## [Task prompt]
Give again, word for word, every line in the entries below from the line with "move=> df g0;" up to and including the line with "Lemma dernS j", and no other line.

*****

Lemma holder_bound_semi f : has_ubound (quot f) -> holder_bound f (Q f).
Proof.
move=> ubq; have supq : has_sup (quot f).
  by split => //; exact: (ex_intro _ _ (holder_quot_ab f)).
have ordered t1 t2 : a <= t1 -> t1 < t2 -> t2 <= b ->
    cabs (f t2 - f t1) <= Q f * `|t2 - t1| `^ alpha.
  move=> at1 t12 t2b; rewrite gtr0_norm ?subr_gt0 // -ler_pdivrMr ?powR_gt0 ?subr_gt0 //.
  by apply: sup_upper_bound => //; exists t1, t2.
move=> s t /andP [sa sb] /andP [ta tb]; case: (ltgtP s t) => st.
- by rewrite cabs_distC distrC; exact: ordered.
- exact: ordered.
- by rewrite st !subrr cabs0 normr0 powR0 ?mulr0 // gt_eqF.
Qed.

Lemma cabs_le_of_holder_bound f K : holder_bound f K ->
  forall t, a <= t <= b -> cabs (f t) <= cabs (f a) + K * (b - a) `^ alpha.
Proof.
move=> fK t ht; have K0 := holder_bound_ge0 fK.
have tab : `|t - a| `^ alpha <= (b - a) `^ alpha.
  case/andP: ht => ta tb; rewrite ger0_norm ?subr_ge0 //.
  by apply: ge0_ler_powR; rewrite ?nnegrE ?(ltW alpha_gt0) //; move: hab; lra.
have := ler_cabs_distD (f t) (f a) 0; rewrite !subr0.
by have := fK t a ht a_in; have := ler_wpM2l K0 tab; lra.
Qed.

Lemma holder_bound_cont f K : holder_bound f K -> cont_on a b f.
Proof.
move=> fK t ht e e0; have K0 := holder_bound_ge0 fK.
have eK : 0 < e / (K + 1) by rewrite divr_gt0 //; lra.
exists ((e / (K + 1)) `^ alpha^-1) => [|s hs std]; first exact: powR_gt0.
have st : `|s - t| `^ alpha < e / (K + 1).
  have <- : ((e / (K + 1)) `^ alpha^-1) `^ alpha = e / (K + 1).
    by rewrite -powRrM mulVf ?gt_eqF // powRr1 // ltW.
  by apply: gt0_ltr_powR; rewrite ?nnegrE ?powR_ge0.
by apply: le_lt_trans (fK s t hs ht) (lt_mul_of_lt_divD1 K0 (powR_ge0 _ _) st).
Qed.

Lemma in_holder0P f : H 0 f <-> cont_on a b f /\ has_ubound (quot f).
Proof.
split=> [[[_ cf] ubq] | [cf ubq]]; first by split => //; exact: (cf 0%N).
by split => //; split => // j; rewrite leqn0 => /eqP ->.
Qed.

Lemma in_holder0_of_bound f K : holder_bound f K -> H 0 f /\ Q f <= K.
Proof.
move=> fK; have [ubq QK] := holder_semi_le fK; split => //.
by apply/in_holder0P; split => //; exact: holder_bound_cont fK.
Qed.

Lemma in_holder0_bound f : H 0 f -> holder_bound f (Q f).
Proof. by case/in_holder0P => _; exact: holder_bound_semi. Qed.

Lemma in_holder0_max_der f : H 0 f -> forall t, a <= t <= b -> cabs (f t) <= M f.
Proof. by move/in_holder0_bound/cabs_le_of_holder_bound; exact: cabs_le_max_der. Qed.

Lemma holder_norm0E f : N 0 f = M f + Q f.
Proof. by rewrite /holder_norm big_ord1. Qed.

Lemma max_derD f g : H 0 f -> H 0 g -> M (fun t => f t + g t) <= M f + M g.
Proof.
move=> f0 g0; apply: max_der_le => t ht; apply: le_trans (ler_cabsD _ _) _.
by rewrite lerD ?in_holder0_max_der.
Qed.

Lemma max_derZ (c : C) f : H 0 f -> M (fun t => c * f t) <= cabs c * M f.
Proof.
move=> f0; apply: max_der_le => t ht.
by rewrite cabsM ler_wpM2l ?cabs_ge0 ?in_holder0_max_der.
Qed.

Lemma max_derM f g : H 0 f -> H 0 g -> M (fun t => f t * g t) <= M f * M g.
Proof.
move=> f0 g0; apply: max_der_le => t ht.
by rewrite cabsM ler_pM ?cabs_ge0 ?in_holder0_max_der.
Qed.

Lemma holder0D f g : H 0 f -> H 0 g ->
  H 0 (fun t => f t + g t) /\ N 0 (fun t => f t + g t) <= N 0 f + N 0 g.
Proof.
move=> f0 g0; have fgQ : holder_bound (fun t => f t + g t) (Q f + Q g).
  move=> s t hs ht; rewrite opprD addrACA mulrDl; apply: le_trans (ler_cabsD _ _) _.
  by rewrite lerD ?in_holder0_bound.
have [fg0 QfgQ] := in_holder0_of_bound fgQ; split => //.
by rewrite !holder_norm0E; have := max_derD f0 g0; lra.
Qed.

Lemma holder0Z (c : C) f : H 0 f ->
  H 0 (fun t => c * f t) /\ N 0 (fun t => c * f t) <= cabs c * N 0 f.
Proof.
move=> f0; have cfQ : holder_bound (fun t => c * f t) (cabs c * Q f).
  move=> s t hs ht; rewrite -mulrBr cabsM -mulrA.
  by rewrite ler_wpM2l ?cabs_ge0 ?in_holder0_bound.
have [cf0 QcfQ] := in_holder0_of_bound cfQ; split => //.
by rewrite !holder_norm0E mulrDr; have := max_derZ c f0; lra.
Qed.

Lemma holder0M f g : H 0 f -> H 0 g ->
  H 0 (fun t => f t * g t) /\ N 0 (fun t => f t * g t) <= N 0 f * N 0 g.
Proof.
move=> f0 g0; have fgQ : holder_bound (fun t => f t * g t) (M f * Q g + M g * Q f).
  move=> s t hs ht.
  have -> : f s * g s - f t * g t = f s * (g s - g t) + g t * (f s - f t) by ring.
  apply: le_trans (ler_cabsD _ _) _; rewrite !cabsM mulrDl -!mulrA.
  by rewrite lerD // ler_pM ?cabs_ge0 ?in_holder0_max_der ?in_holder0_bound.
have [fg0 QfgQ] := in_holder0_of_bound fgQ; split => //.
have := max_derM f0 g0; have := max_der_ge0 f; have := max_der_ge0 g.
by have := holder_semi_ge0 f; have := holder_semi_ge0 g; rewrite !holder_norm0E; nra.
Qed.

Definition lip_holder_const := (b - a) `^ (1 - alpha).

Lemma lip_holder_const_ge0 : 0 <= lip_holder_const.
Proof. exact: powR_ge0. Qed.

Lemma le_lip_holder (x : R) : 0 <= x -> x <= b - a -> x <= lip_holder_const * x `^ alpha.
Proof.
move=> x0 xba; rewrite {1}(_ : x = x `^ (1 - alpha) * x `^ alpha); last first.
  by rewrite -powRD ?subrK ?powRr1 // oner_eq0.
rewrite ler_wpM2r ?powR_ge0 //; apply: ge0_ler_powR; rewrite ?nnegrE ?subr_ge0 //.
by move: hab; lra.
Qed.

Lemma holder0_of_deriv f g : D f g -> H 0 g ->
  H 0 f /\ N 0 f <= M f + lip_holder_const * M g.
Proof.
move=> df g0; have fK : holder_bound f (M g * lip_holder_const).
  move=> s t hs ht; apply: le_trans (deriv_lipschitz df (in_holder0_max_der g0) hs ht) _.
  rewrite -mulrA ler_wpM2l ?max_der_ge0 // le_lip_holder //.
  by case/andP: hs => ? ?; case/andP: ht => ? ?; rewrite ler_norml; apply/andP; split; lra.
have [f0 Qf] := in_holder0_of_bound fK; split => //.
by rewrite holder_norm0E mulrC lerD2l.
Qed.

Lemma dernS j f : dern a b j.+1 f = dern a b j (dw a b f).
Proof. by rewrite /dern iterSr. Qed.

Lemma holder_quotS n f : holder_quot a b n.+1 alpha f = holder_quot a b n alpha (dw a b f).
Proof. by rewrite /holder_quot dernS. Qed.

Lemma in_holderS n f : H n.+1 f <-> [/\ D f (dw a b f), cont_on a b f & H n (dw a b f)].
Proof.
rewrite /in_holder /Cn holder_quotS; split.
  move=> [[df cf] ubq]; split; [exact: (df 0%N) | exact: (cf 0%N) |].
  by split => //; split=> j j_n; rewrite -!dernS; [exact: df | exact: cf].
move=> [df cf [[df' cf'] ubq]]; split => //; split.
  by case=> [|j] j_n //; rewrite 2!dernS; exact: df'.
by case=> [|j] j_n //; rewrite dernS; exact: cf'.
Qed.

Lemma holder_normS n f : N n.+1 f = M f + N n (dw a b f).
Proof.
rewrite /holder_norm big_ord_recl /holder_semi holder_quotS -addrA; congr (_ + (_ + _)).
by apply: eq_bigr => i _; rewrite /max_der lift0 dernS.
Qed.

Lemma cont_on_eqon f f' : eqon f f' -> cont_on a b f -> cont_on a b f'.
Proof.
move=> ff' cf t ht e e0; have [d d0 near] := cf t ht e e0; exists d => // s hs sd.
by rewrite -!ff' //; exact: near.
Qed.

Lemma holder_quot_eqon f f' : eqon f f' -> quot f = quot f'.
Proof.
move=> ff'; apply/seteqP; split=> _ [t1 [t2 [at1 t12 t2b ->]]]; exists t1, t2;
  by split => //; rewrite /= !ff' //; apply/andP; split; lra.
Qed.

Lemma max_der_eqon f f' : eqon f f' -> M f = M f'.
Proof.
move=> ff'; rewrite /max_der; congr sup.
by apply/seteqP; split=> _ [t ht ->]; exists t; rewrite //= ff'.
Qed.

Lemma holder_eqon n f f' : eqon f f' -> (H n f <-> H n f') /\ N n f = N n f'.
Proof.
elim: n f f' => [|n IH] f f' ff'.
  rewrite !holder_norm0E (max_der_eqon ff') /holder_semi (holder_quot_eqon ff').
  split => //; rewrite !in_holder0P (holder_quot_eqon ff').
  by split=> -[cf ubq]; split => //; apply: cont_on_eqon cf => // t ht; rewrite ff'.
have dff' := dw_eqon hab ff'; have [IHH IHN] := IH _ _ dff'.
rewrite !holder_normS IHN (max_der_eqon ff'); split => //.
rewrite !in_holderS; split=> -[df cf Hdf]; split.
- exact: deriv_eqon ff' dff' df.
- exact: cont_on_eqon ff' cf.
- by apply/IHH.
- exact: deriv_eqon (eqon_sym ff') (eqon_sym dff') df.
- exact: cont_on_eqon (eqon_sym ff') cf.
- by apply/IHH.
Qed.

Lemma holder_norm_ge0 n f : 0 <= N n f.
Proof.
elim: n f => [|n IH] f; first by rewrite holder_norm0E addr_ge0 ?max_der_ge0 ?holder_semi_ge0.
by rewrite holder_normS addr_ge0 ?max_der_ge0.
Qed.

Lemma max_der_le_holder_norm n f : M f <= N n f.
Proof.
case: n => [|n]; first by rewrite holder_norm0E lerDl holder_semi_ge0.
by rewrite holder_normS lerDl holder_norm_ge0.
Qed.

Definition embed_const := 1 + lip_holder_const.

Lemma embed_const_ge1 : 1 <= embed_const.
Proof. by rewrite lerDl lip_holder_const_ge0. Qed.

Lemma holder_embed n f : H n.+1 f -> H n f /\ N n f <= embed_const * N n.+1 f.
Proof.
have K0 := lip_holder_const_ge0; rewrite /embed_const.
elim: n f => [|n IH] f /in_holderS [df cf Hdf].
  have [f0 Nf] := holder0_of_deriv df Hdf; split => //.
  have := max_der_le_holder_norm 0 (dw a b f); have := max_der_ge0 f.
  have := holder_norm_ge0 0 (dw a b f); rewrite holder_normS.
  by move=> h1 h2 h3; have := ler_wpM2l K0 h3; nra.
have [Hdf' Ndf] := IH _ Hdf; have f1 : H n.+1 f by apply/in_holderS.
split => //; rewrite (holder_normS n) (holder_normS n.+1).
by have := max_der_ge0 f; have := holder_norm_ge0 n.+1 (dw a b f); nra.
Qed.

Lemma holder_embed_iter n p f : H (n + p) f ->
  H n f /\ N n f <= embed_const ^+ p * N (n + p) f.
Proof.
elim: p f => [|p IH] f; first by rewrite addn0 expr0 mul1r.
rewrite addnS => /holder_embed [/IH [Hf Nf] Np]; split => //.
rewrite (le_trans Nf) // exprSr -mulrA ler_wpM2l //.
by rewrite exprn_ge0 // (le_trans ler01 embed_const_ge1).
Qed.

Lemma in_holder_le m n f : (m <= n)%N -> H n f -> H m f.
Proof. by move/subnKC <-; case/holder_embed_iter. Qed.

*****

## [Output below]
move=> df g0; have fK : holder_bound f (M g * lip_holder_const).
  move=> s t hs ht; apply: le_trans (deriv_lipschitz df (in_holder0_max_der g0) hs ht) _.
  rewrite -mulrA ler_wpM2l ?max_der_ge0 // le_lip_holder //.
  by case/andP: hs => ? ?; case/andP: ht => ? ?; rewrite ler_norml; apply/andP; split; lra.
have [f0 Qf] := in_holder0_of_bound fK; split => //.
by rewrite holder_norm0E mulrC lerD2l.
Qed.

Lemma dernS j f : dern a b j.+1 f = dern a b j (dw a b f).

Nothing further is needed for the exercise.